## Exercise aim
If a line of the records contains the string "vector", copy it out.

Extracted data entries:
+++
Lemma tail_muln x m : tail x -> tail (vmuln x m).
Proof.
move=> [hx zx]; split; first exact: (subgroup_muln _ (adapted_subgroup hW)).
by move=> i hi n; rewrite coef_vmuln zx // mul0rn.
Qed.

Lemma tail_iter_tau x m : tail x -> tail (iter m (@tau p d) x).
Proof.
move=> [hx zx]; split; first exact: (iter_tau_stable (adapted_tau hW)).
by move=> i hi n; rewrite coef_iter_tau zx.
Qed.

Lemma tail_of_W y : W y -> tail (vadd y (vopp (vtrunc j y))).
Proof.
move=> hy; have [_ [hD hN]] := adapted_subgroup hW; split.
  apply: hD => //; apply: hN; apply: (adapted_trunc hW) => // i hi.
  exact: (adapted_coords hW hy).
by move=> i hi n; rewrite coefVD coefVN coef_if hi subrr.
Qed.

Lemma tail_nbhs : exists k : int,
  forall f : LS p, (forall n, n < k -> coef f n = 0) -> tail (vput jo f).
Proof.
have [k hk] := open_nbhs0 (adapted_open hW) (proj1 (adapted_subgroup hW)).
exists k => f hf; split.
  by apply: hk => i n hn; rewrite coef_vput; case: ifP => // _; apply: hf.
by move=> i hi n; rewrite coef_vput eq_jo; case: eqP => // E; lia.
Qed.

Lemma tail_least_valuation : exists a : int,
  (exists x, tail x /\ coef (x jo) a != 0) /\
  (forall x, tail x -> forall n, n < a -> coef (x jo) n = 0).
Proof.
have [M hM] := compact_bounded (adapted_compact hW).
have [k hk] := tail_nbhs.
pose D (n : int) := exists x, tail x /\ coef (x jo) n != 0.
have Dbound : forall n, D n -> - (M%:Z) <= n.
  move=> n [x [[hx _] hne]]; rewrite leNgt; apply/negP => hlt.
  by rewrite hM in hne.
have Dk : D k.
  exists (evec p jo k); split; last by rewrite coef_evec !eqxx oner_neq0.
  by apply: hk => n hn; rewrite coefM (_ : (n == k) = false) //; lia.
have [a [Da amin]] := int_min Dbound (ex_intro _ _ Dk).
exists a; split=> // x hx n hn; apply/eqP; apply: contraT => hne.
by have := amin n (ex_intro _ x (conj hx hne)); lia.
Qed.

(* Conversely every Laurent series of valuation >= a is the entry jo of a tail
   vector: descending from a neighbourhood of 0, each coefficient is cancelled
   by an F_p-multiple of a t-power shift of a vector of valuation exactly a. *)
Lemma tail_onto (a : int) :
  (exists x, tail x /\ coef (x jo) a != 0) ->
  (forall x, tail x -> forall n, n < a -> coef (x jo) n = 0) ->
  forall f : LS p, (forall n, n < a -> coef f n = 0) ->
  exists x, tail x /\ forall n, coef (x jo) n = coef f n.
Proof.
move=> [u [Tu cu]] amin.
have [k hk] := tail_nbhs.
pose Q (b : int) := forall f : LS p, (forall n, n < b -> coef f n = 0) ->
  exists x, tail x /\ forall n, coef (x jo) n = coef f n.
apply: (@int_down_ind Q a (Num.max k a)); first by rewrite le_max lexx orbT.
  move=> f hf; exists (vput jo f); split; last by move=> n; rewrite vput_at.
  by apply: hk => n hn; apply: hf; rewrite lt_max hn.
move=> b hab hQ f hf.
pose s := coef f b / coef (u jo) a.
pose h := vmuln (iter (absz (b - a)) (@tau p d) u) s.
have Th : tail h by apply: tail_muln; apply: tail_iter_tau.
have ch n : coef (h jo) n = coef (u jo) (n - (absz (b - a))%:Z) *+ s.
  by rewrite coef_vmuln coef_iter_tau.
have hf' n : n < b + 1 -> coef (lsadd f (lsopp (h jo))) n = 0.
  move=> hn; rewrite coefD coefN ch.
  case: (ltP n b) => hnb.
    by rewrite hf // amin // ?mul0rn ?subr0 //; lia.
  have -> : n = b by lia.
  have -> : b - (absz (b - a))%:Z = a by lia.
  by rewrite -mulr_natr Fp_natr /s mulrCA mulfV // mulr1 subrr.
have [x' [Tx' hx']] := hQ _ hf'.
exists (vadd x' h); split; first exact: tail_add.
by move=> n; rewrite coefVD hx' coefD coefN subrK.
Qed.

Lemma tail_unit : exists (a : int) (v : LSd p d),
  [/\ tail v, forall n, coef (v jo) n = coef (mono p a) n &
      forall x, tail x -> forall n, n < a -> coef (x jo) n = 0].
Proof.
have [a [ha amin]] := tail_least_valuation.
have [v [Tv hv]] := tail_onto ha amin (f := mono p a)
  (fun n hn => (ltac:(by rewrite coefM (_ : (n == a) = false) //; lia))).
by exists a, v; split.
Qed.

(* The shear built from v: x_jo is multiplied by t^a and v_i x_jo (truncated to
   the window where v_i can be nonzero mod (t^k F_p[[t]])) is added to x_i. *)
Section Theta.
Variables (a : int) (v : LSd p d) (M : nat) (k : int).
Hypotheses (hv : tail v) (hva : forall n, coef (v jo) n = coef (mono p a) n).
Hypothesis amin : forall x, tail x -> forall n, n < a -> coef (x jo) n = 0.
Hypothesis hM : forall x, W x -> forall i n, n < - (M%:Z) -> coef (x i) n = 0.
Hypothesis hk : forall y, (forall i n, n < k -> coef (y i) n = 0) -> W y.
+++
## Answer section
   vector: descending from a neighbourhood of 0, each coefficient is cancelled
   by an F_p-multiple of a t-power shift of a vector of valuation exactly a. *)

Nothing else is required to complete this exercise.